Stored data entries
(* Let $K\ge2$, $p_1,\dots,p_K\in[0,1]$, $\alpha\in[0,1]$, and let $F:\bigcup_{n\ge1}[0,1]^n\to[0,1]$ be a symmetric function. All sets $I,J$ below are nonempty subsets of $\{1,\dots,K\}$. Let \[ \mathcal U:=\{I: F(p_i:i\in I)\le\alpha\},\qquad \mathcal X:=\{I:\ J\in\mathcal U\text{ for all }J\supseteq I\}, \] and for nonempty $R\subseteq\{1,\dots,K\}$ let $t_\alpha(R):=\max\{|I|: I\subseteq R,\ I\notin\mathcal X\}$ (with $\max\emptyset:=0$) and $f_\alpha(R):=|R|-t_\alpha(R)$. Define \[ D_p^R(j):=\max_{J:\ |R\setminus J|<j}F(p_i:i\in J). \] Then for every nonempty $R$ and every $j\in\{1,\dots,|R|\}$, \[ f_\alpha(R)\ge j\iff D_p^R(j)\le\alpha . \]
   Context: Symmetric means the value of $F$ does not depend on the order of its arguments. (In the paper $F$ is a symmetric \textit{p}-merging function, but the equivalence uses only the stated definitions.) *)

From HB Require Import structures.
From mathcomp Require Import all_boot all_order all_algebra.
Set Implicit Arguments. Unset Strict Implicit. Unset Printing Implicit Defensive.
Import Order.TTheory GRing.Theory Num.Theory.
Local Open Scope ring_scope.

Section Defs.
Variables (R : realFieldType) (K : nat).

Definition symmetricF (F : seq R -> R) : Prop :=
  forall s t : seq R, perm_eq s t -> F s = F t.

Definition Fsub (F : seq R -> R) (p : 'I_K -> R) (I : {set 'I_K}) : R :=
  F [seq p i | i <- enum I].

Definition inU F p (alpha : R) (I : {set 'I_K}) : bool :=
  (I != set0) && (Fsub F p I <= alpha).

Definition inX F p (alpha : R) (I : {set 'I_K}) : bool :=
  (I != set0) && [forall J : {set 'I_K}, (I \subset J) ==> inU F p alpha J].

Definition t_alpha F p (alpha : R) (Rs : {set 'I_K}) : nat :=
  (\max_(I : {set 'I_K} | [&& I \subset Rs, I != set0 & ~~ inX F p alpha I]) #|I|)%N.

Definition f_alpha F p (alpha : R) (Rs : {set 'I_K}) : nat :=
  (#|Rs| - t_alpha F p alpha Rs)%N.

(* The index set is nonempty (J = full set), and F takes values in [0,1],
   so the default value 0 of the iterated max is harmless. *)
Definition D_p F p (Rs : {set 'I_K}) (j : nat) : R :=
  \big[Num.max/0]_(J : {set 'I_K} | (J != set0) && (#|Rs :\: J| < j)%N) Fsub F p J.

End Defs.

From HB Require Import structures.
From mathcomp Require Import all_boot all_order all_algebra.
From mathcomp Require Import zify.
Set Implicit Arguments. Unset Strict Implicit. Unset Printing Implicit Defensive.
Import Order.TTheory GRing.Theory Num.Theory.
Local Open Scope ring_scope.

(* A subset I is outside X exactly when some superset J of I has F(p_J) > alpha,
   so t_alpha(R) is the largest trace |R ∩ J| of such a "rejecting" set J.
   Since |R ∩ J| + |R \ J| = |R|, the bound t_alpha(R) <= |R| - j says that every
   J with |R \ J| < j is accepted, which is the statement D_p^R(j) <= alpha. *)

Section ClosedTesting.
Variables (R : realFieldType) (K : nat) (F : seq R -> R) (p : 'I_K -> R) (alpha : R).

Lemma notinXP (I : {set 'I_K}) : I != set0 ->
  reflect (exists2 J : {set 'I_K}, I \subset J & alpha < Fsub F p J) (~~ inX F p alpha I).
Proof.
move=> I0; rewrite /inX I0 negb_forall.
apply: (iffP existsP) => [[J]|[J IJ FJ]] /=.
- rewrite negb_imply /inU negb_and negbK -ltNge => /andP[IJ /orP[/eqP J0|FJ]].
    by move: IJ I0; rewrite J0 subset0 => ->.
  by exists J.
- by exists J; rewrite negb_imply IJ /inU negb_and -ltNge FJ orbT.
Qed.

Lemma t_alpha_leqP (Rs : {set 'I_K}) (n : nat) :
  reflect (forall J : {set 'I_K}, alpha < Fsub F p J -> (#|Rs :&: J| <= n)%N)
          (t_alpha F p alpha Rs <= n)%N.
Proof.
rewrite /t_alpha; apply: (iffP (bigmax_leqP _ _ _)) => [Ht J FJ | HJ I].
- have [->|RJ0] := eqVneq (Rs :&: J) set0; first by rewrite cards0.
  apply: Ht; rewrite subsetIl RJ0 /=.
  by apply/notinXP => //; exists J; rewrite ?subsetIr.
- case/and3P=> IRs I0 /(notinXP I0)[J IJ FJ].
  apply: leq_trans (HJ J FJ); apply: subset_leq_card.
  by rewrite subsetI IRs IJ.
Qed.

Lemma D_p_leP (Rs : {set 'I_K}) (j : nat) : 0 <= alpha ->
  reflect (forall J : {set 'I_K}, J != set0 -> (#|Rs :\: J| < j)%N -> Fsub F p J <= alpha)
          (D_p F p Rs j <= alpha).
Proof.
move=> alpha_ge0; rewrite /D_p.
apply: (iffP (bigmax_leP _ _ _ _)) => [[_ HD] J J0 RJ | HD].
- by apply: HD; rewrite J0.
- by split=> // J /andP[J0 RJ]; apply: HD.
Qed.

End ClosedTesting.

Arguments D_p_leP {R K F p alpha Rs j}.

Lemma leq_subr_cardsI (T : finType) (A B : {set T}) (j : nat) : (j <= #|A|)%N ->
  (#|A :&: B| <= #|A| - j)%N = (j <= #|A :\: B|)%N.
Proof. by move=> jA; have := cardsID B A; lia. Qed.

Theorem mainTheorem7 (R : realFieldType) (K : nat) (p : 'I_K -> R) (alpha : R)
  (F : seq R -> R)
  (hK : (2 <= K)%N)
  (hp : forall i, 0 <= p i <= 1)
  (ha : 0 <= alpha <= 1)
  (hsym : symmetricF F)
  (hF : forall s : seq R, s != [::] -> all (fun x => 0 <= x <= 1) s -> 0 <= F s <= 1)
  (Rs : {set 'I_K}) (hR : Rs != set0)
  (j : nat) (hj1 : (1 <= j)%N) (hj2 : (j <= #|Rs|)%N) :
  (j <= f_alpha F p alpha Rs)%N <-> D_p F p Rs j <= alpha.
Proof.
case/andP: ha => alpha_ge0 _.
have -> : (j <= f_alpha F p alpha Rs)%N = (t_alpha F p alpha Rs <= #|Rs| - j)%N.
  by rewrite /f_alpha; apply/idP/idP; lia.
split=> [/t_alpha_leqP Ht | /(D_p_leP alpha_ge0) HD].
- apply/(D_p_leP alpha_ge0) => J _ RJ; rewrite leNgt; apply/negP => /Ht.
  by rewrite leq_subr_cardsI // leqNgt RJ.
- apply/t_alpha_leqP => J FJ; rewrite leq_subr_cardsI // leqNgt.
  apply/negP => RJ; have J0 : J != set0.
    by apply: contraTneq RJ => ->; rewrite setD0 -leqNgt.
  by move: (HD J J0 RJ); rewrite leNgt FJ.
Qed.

**Task requirements**
A verbatim restatement of all the entries above is required.

**Answer box**
(* Let $K\ge2$, $p_1,\dots,p_K\in[0,1]$, $\alpha\in[0,1]$, and let $F:\bigcup_{n\ge1}[0,1]^n\to[0,1]$ be a symmetric function. All sets $I,J$ below are nonempty subsets of $\{1,\dots,K\}$. Let \[ \mathcal U:=\{I: F(p_i:i\in I)\le\alpha\},\qquad \mathcal X:=\{I:\ J\in\mathcal U\text{ for all }J\supseteq I\}, \] and for nonempty $R\subseteq\{1,\dots,K\}$ let $t_\alpha(R):=\max\{|I|: I\subseteq R,\ I\notin\mathcal X\}$ (with $\max\emptyset:=0$) and $f_\alpha(R):=|R|-t_\alpha(R)$. Define \[ D_p^R(j):=\max_{J:\ |R\setminus J|<j}F(p_i:i\in J). \] Then for every nonempty $R$ and every $j\in\{1,\dots,|R|\}$, \[ f_\alpha(R)\ge j\iff D_p^R(j)\le\alpha . \]
   Context: Symmetric means the value of $F$ does not depend on the order of its arguments. (In the paper $F$ is a symmetric \textit{p}-merging function, but the equivalence uses only the stated definitions.) *)

From HB Require Import structures.
From mathcomp Require Import all_boot all_order all_algebra.
Set Implicit Arguments. Unset Strict Implicit. Unset Printing Implicit Defensive.
Import Order.TTheory GRing.Theory Num.Theory.
Local Open Scope ring_scope.

Section Defs.
Variables (R : realFieldType) (K : nat).

Definition symmetricF (F : seq R -> R) : Prop :=
  forall s t : seq R, perm_eq s t -> F s = F t.

Definition Fsub (F : seq R -> R) (p : 'I_K -> R) (I : {set 'I_K}) : R :=
  F [seq p i | i <- enum I].

Definition inU F p (alpha : R) (I : {set 'I_K}) : bool :=
  (I != set0) && (Fsub F p I <= alpha).

Definition inX F p (alpha : R) (I : {set 'I_K}) : bool :=
  (I != set0) && [forall J : {set 'I_K}, (I \subset J) ==> inU F p alpha J].

Definition t_alpha F p (alpha : R) (Rs : {set 'I_K}) : nat :=
  (\max_(I : {set 'I_K} | [&& I \subset Rs, I != set0 & ~~ inX F p alpha I]) #|I|)%N.

Definition f_alpha F p (alpha : R) (Rs : {set 'I_K}) : nat :=
  (#|Rs| - t_alpha F p alpha Rs)%N.

(* The index set is nonempty (J = full set), and F takes values in [0,1],
   so the default value 0 of the iterated max is harmless. *)
Definition D_p F p (Rs : {set 'I_K}) (j : nat) : R :=
  \big[Num.max/0]_(J : {set 'I_K} | (J != set0) && (#|Rs :\: J| < j)%N) Fsub F p J.

End Defs.

From HB Require Import structures.
From mathcomp Require Import all_boot all_order all_algebra.
From mathcomp Require Import zify.
Set Implicit Arguments. Unset Strict Implicit. Unset Printing Implicit Defensive.
Import Order.TTheory GRing.Theory Num.Theory.
Local Open Scope ring_scope.

(* A subset I is outside X exactly when some superset J of I has F(p_J) > alpha,
   so t_alpha(R) is the largest trace |R ∩ J| of such a "rejecting" set J.
   Since |R ∩ J| + |R \ J| = |R|, the bound t_alpha(R) <= |R| - j says that every
   J with |R \ J| < j is accepted, which is the statement D_p^R(j) <= alpha. *)

Section ClosedTesting.
Variables (R : realFieldType) (K : nat) (F : seq R -> R) (p : 'I_K -> R) (alpha : R).

Lemma notinXP (I : {set 'I_K}) : I != set0 ->
  reflect (exists2 J : {set 'I_K}, I \subset J & alpha < Fsub F p J) (~~ inX F p alpha I).
Proof.
move=> I0; rewrite /inX I0 negb_forall.
apply: (iffP existsP) => [[J]|[J IJ FJ]] /=.
- rewrite negb_imply /inU negb_and negbK -ltNge => /andP[IJ /orP[/eqP J0|FJ]].
    by move: IJ I0; rewrite J0 subset0 => ->.
  by exists J.
- by exists J; rewrite negb_imply IJ /inU negb_and -ltNge FJ orbT.
Qed.

Lemma t_alpha_leqP (Rs : {set 'I_K}) (n : nat) :
  reflect (forall J : {set 'I_K}, alpha < Fsub F p J -> (#|Rs :&: J| <= n)%N)
          (t_alpha F p alpha Rs <= n)%N.
Proof.
rewrite /t_alpha; apply: (iffP (bigmax_leqP _ _ _)) => [Ht J FJ | HJ I].
- have [->|RJ0] := eqVneq (Rs :&: J) set0; first by rewrite cards0.
  apply: Ht; rewrite subsetIl RJ0 /=.
  by apply/notinXP => //; exists J; rewrite ?subsetIr.
- case/and3P=> IRs I0 /(notinXP I0)[J IJ FJ].
  apply: leq_trans (HJ J FJ); apply: subset_leq_card.
  by rewrite subsetI IRs IJ.
Qed.

Lemma D_p_leP (Rs : {set 'I_K}) (j : nat) : 0 <= alpha ->
  reflect (forall J : {set 'I_K}, J != set0 -> (#|Rs :\: J| < j)%N -> Fsub F p J <= alpha)
          (D_p F p Rs j <= alpha).
Proof.
move=> alpha_ge0; rewrite /D_p.
apply: (iffP (bigmax_leP _ _ _ _)) => [[_ HD] J J0 RJ | HD].
- by apply: HD; rewrite J0.
- by split=> // J /andP[J0 RJ]; apply: HD.
Qed.

End ClosedTesting.

Arguments D_p_leP {R K F p alpha Rs j}.

Lemma leq_subr_cardsI (T : finType) (A B : {set T}) (j : nat) : (j <= #|A|)%N ->
  (#|A :&: B| <= #|A| - j)%N = (j <= #|A :\: B|)%N.
Proof. by move=> jA; have := cardsID B A; lia. Qed.

Theorem mainTheorem7 (R : realFieldType) (K : nat) (p : 'I_K -> R) (alpha : R)
  (F : seq R -> R)
  (hK : (2 <= K)%N)
  (hp : forall i, 0 <= p i <= 1)
  (ha : 0 <= alpha <= 1)
  (hsym : symmetricF F)
  (hF : forall s : seq R, s != [::] -> all (fun x => 0 <= x <= 1) s -> 0 <= F s <= 1)
  (Rs : {set 'I_K}) (hR : Rs != set0)
  (j : nat) (hj1 : (1 <= j)%N) (hj2 : (j <= #|Rs|)%N) :
  (j <= f_alpha F p alpha Rs)%N <-> D_p F p Rs j <= alpha.
Proof.
case/andP: ha => alpha_ge0 _.
have -> : (j <= f_alpha F p alpha Rs)%N = (t_alpha F p alpha Rs <= #|Rs| - j)%N.
  by rewrite /f_alpha; apply/idP/idP; lia.
split=> [/t_alpha_leqP Ht | /(D_p_leP alpha_ge0) HD].
- apply/(D_p_leP alpha_ge0) => J _ RJ; rewrite leNgt; apply/negP => /Ht.
  by rewrite leq_subr_cardsI // leqNgt RJ.
- apply/t_alpha_leqP => J FJ; rewrite leq_subr_cardsI // leqNgt.
  apply/negP => RJ; have J0 : J != set0.
    by apply: contraTneq RJ => ->; rewrite setD0 -leqNgt.
  by move: (HD J J0 RJ); rewrite leNgt FJ.
Qed.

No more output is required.